TRY IT: Repeat, exactly as written, the line containing "rewrite !mem_filter =>" and each line after it through the end of the data.

EXCERPTED RECORDS:
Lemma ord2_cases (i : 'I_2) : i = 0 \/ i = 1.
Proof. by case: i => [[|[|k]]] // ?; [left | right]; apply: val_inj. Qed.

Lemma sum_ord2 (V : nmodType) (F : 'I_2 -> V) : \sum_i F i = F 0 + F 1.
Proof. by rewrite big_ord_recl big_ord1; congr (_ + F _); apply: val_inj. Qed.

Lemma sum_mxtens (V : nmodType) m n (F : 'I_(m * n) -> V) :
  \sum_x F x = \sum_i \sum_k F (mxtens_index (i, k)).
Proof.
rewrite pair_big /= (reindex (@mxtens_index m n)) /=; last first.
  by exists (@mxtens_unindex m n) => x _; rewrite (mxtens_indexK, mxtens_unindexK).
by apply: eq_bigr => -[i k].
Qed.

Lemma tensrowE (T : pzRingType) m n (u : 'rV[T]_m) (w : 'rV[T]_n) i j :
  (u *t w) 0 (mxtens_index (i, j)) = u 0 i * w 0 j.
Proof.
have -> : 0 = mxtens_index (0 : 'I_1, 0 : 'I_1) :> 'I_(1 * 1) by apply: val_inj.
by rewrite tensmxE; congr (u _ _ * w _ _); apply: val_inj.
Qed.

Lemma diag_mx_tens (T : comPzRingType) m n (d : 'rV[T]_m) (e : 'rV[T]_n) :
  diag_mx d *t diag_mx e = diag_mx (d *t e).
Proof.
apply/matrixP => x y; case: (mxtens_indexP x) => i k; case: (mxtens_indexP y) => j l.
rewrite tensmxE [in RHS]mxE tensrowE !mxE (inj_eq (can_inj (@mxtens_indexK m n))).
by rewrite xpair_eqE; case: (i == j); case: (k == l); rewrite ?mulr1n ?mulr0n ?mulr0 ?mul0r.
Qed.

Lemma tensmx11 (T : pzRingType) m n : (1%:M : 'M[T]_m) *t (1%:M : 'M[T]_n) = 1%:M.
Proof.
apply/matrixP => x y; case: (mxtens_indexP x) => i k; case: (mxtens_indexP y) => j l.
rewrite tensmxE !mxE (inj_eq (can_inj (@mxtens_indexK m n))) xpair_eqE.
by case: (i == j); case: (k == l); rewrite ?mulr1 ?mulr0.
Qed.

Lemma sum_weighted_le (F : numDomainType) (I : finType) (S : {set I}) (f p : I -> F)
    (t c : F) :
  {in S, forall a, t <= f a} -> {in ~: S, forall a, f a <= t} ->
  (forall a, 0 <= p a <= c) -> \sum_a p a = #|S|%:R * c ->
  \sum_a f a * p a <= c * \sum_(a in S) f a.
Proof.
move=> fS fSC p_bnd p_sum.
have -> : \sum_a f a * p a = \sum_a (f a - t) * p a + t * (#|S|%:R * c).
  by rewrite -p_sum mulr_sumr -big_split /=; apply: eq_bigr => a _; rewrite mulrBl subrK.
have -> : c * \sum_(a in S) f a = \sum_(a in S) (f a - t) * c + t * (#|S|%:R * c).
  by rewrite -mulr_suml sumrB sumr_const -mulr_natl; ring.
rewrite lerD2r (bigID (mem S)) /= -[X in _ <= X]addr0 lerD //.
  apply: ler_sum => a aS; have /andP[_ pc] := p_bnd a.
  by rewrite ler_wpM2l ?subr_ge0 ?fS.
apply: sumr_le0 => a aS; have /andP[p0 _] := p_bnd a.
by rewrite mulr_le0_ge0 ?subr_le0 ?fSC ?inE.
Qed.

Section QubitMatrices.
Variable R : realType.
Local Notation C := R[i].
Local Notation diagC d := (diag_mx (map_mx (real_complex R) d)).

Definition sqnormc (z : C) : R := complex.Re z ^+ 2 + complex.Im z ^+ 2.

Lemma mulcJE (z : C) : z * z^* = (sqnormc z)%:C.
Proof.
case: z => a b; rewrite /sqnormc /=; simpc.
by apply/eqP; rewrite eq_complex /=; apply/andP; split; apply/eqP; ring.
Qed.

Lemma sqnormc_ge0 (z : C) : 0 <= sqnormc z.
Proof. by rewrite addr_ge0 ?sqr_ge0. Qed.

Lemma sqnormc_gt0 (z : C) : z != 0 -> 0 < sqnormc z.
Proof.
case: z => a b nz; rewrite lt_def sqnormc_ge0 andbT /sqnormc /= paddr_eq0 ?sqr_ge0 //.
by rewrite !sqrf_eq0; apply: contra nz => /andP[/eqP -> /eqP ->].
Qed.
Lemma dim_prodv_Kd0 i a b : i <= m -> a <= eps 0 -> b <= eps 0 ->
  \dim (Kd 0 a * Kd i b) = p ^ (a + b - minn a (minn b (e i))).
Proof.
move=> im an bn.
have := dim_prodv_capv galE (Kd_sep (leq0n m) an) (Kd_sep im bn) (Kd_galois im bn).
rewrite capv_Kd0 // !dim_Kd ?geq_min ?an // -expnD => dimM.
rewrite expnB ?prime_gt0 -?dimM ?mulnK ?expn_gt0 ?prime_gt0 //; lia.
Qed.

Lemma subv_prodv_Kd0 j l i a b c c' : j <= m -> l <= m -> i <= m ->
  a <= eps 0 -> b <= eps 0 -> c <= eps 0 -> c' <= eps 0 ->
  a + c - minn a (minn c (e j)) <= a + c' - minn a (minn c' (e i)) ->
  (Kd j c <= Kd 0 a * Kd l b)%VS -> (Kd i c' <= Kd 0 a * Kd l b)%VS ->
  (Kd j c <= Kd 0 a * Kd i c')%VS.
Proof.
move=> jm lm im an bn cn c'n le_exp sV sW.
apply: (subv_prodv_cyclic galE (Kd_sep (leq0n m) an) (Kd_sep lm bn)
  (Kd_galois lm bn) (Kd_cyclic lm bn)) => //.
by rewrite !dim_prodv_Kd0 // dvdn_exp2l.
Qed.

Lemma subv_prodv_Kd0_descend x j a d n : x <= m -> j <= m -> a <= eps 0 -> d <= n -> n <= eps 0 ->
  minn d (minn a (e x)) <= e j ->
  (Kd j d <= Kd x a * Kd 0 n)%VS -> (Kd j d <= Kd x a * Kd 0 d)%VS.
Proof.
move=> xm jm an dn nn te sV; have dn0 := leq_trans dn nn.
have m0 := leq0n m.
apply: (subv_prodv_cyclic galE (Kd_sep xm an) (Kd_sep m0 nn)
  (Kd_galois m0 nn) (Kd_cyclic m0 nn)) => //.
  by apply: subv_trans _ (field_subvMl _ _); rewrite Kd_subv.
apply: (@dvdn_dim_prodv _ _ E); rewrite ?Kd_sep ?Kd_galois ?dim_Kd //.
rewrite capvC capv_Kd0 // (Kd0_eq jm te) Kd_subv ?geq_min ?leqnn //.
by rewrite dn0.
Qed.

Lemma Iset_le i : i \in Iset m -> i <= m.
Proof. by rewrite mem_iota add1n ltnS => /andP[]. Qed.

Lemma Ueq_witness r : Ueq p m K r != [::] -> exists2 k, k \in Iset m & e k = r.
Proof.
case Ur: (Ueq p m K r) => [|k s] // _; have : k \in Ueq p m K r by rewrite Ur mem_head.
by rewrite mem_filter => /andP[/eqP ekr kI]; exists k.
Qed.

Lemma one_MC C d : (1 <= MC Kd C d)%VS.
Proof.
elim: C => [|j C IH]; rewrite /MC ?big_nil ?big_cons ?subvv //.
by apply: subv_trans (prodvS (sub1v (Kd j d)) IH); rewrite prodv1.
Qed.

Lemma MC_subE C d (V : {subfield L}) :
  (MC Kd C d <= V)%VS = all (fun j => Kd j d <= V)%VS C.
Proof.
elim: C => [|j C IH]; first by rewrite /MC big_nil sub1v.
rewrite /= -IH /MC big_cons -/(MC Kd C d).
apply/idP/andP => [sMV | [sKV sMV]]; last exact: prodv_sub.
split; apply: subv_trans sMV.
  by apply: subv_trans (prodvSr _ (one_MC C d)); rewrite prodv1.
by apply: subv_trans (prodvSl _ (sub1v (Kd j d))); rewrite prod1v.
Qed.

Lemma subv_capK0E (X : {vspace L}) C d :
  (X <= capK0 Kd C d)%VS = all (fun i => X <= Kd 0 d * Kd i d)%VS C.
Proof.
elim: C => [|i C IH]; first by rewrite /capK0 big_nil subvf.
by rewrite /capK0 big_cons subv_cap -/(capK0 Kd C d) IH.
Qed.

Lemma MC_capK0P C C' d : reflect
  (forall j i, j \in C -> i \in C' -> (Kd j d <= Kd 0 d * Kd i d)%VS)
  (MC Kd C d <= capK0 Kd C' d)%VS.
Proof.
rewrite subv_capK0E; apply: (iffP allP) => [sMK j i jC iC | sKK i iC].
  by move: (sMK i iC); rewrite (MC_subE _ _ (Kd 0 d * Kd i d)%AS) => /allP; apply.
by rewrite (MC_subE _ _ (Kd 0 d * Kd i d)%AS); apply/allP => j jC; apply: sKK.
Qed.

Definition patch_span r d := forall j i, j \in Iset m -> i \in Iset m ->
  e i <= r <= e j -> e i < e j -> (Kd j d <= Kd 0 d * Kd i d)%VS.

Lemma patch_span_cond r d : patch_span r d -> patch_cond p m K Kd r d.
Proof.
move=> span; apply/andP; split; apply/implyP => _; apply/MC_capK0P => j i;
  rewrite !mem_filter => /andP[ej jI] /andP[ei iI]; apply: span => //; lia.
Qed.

RESULT FOR THIS EXERCISE:
  rewrite !mem_filter => /andP[ej jI] /andP[ei iI]; apply: span => //; lia.
Qed.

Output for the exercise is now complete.